═══ RECORDED INFORMATION ═══
Lemma rmorph_lucas (R S : pzRingType) (f : {rmorphism R -> S}) P Q m :
  f (lucas P Q m) = lucas (f P) (f Q) m.
Proof.
elim/lucas_ind: m => [|| m IH IHS]; rewrite ?rmorph0 ?rmorph1 //.
by rewrite !lucasSS rmorphB !rmorphM IH IHS.
Qed.

Lemma lucas_scale (R : comNzRingType) (c P Q : R) m :
  c * lucas (c * P) (c ^+ 2 * Q) m = c ^+ m * lucas P Q m.
Proof.
elim/lucas_ind: m => [|| m IH IHS]; [by rewrite /= !mulr0 | by rewrite /= !mulr1 |].
rewrite !lucasSS.
transitivity (c * P * (c * lucas (c * P) (c ^+ 2 * Q) m.+1)
              - c ^+ 2 * Q * (c * lucas (c * P) (c ^+ 2 * Q) m)); first ring.
by rewrite IHS IH !exprS; ring.
Qed.

Lemma lucas_ge (R : realDomainType) (t : R) m : 2 <= t -> m%:R <= lucas t 1 m.
Proof.
move=> t_ge2; suff : m%:R <= lucas t 1 m /\ lucas t 1 m + 1 <= lucas t 1 m.+1 by case.
elim: m => [|m [IH IHS]]; first by rewrite /= add0r.
have U_ge : m.+1%:R <= lucas t 1 m.+1 by rewrite -natr1; lra.
split=> //; rewrite lucasSS mul1r.
have : 0 <= (t - 2) * lucas t 1 m.+1 by rewrite mulr_ge0 ?subr_ge0 // (le_trans _ U_ge).
lra.
Qed.

Lemma companion_expr (R : comNzRingType) (P Q : R) m :
  mx2 P (- Q) 1 0 ^+ m.+1 =
  mx2 (lucas P Q m.+2) (- Q * lucas P Q m.+1) (lucas P Q m.+1) (- Q * lucas P Q m).
Proof.
elim: m => [|m IH]; first by rewrite expr1 /=; congr mx2; ring.
by rewrite exprSr IH -mulmxE mx2_mul; congr mx2; rewrite /= ?lucasSS; ring.
Qed.

Lemma PI_gt0 : 0 < PI. Proof. exact/RltP/Rtrigo1.PI_RGT_0. Qed.

Lemma cos_lt1 (x : RR) : 0 < x -> x < 2 * PI -> cos x < 1.
Proof.
move=> x_gt0 x_lt2PI; have sin_gt0 : 0 < sin (x / 2).
  by apply/RltP/Rtrigo1.sin_gt_0; apply/RltP; rewrite ?R0E; lra.
have := Rtrigo1.cos_2a_sin (x / 2); rewrite !RmultE RminusE R1E.
rewrite IZRposE INRE /= mulrC divfK ?pnatr_eq0 // => ->.
by have := mulr_gt0 sin_gt0 sin_gt0; lra.
Qed.

Lemma cos_ge_half (x : RR) : 0 <= x -> x <= PI / 3 -> 1 / 2 <= cos x.
Proof.
move=> x_ge0 x_le; rewrite -[1 / 2]Rtrigo_calc.cos_PI3 RdivE IZRposE INRE /=.
have PI_pos := PI_gt0.
by apply/RleP/Rtrigo1.cos_decr_1; apply/RleP; rewrite ?R0E; lra.
Qed.

Definition cis (x : RR) : C := Complex (cos x) (sin x).

Lemma cis0 : cis 0 = 1.
Proof. by rewrite /cis Rtrigo_def.cos_0 Rtrigo_def.sin_0. Qed.

Lemma cisD x y : cis (x + y) = cis x * cis y.
Proof.
by apply/eqP; rewrite eq_complex /= cosD sinD; apply/andP; split; apply/eqP; ring.
Qed.

Lemma cis_expr x k : cis x ^+ k = cis (x *+ k).
Proof. by elim: k => [|k IH]; rewrite ?cis0 // exprS IH mulrS cisD. Qed.

Lemma cis_add_inv x : cis x + (cis x)^-1 = ((2 * cos x)%:C)%C.
Proof.
rewrite (@mulr1_eq _ _ (cis (- x))) -?cisD ?subrr ?cis0 //.
apply/eqP; rewrite eq_complex /= Rtrigo1.cos_neg Rtrigo1.sin_neg subrr eqxx andbT.
by apply/eqP; ring.
Qed.

Definition omega (n : nat) : C := cis (2 * PI / n%:R).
═══
Find where the line with "Lemma PI_gt0 : 0" sits in the material above, then copy exactly from it through the line with "have := Rtrigo1.cos_2a_sin". Add no other line.

THE COMPLETED TASK:
Lemma PI_gt0 : 0 < PI. Proof. exact/RltP/Rtrigo1.PI_RGT_0. Qed.

Lemma cos_lt1 (x : RR) : 0 < x -> x < 2 * PI -> cos x < 1.
Proof.
move=> x_gt0 x_lt2PI; have sin_gt0 : 0 < sin (x / 2).
  by apply/RltP/Rtrigo1.sin_gt_0; apply/RltP; rewrite ?R0E; lra.
have := Rtrigo1.cos_2a_sin (x / 2); rewrite !RmultE RminusE R1E.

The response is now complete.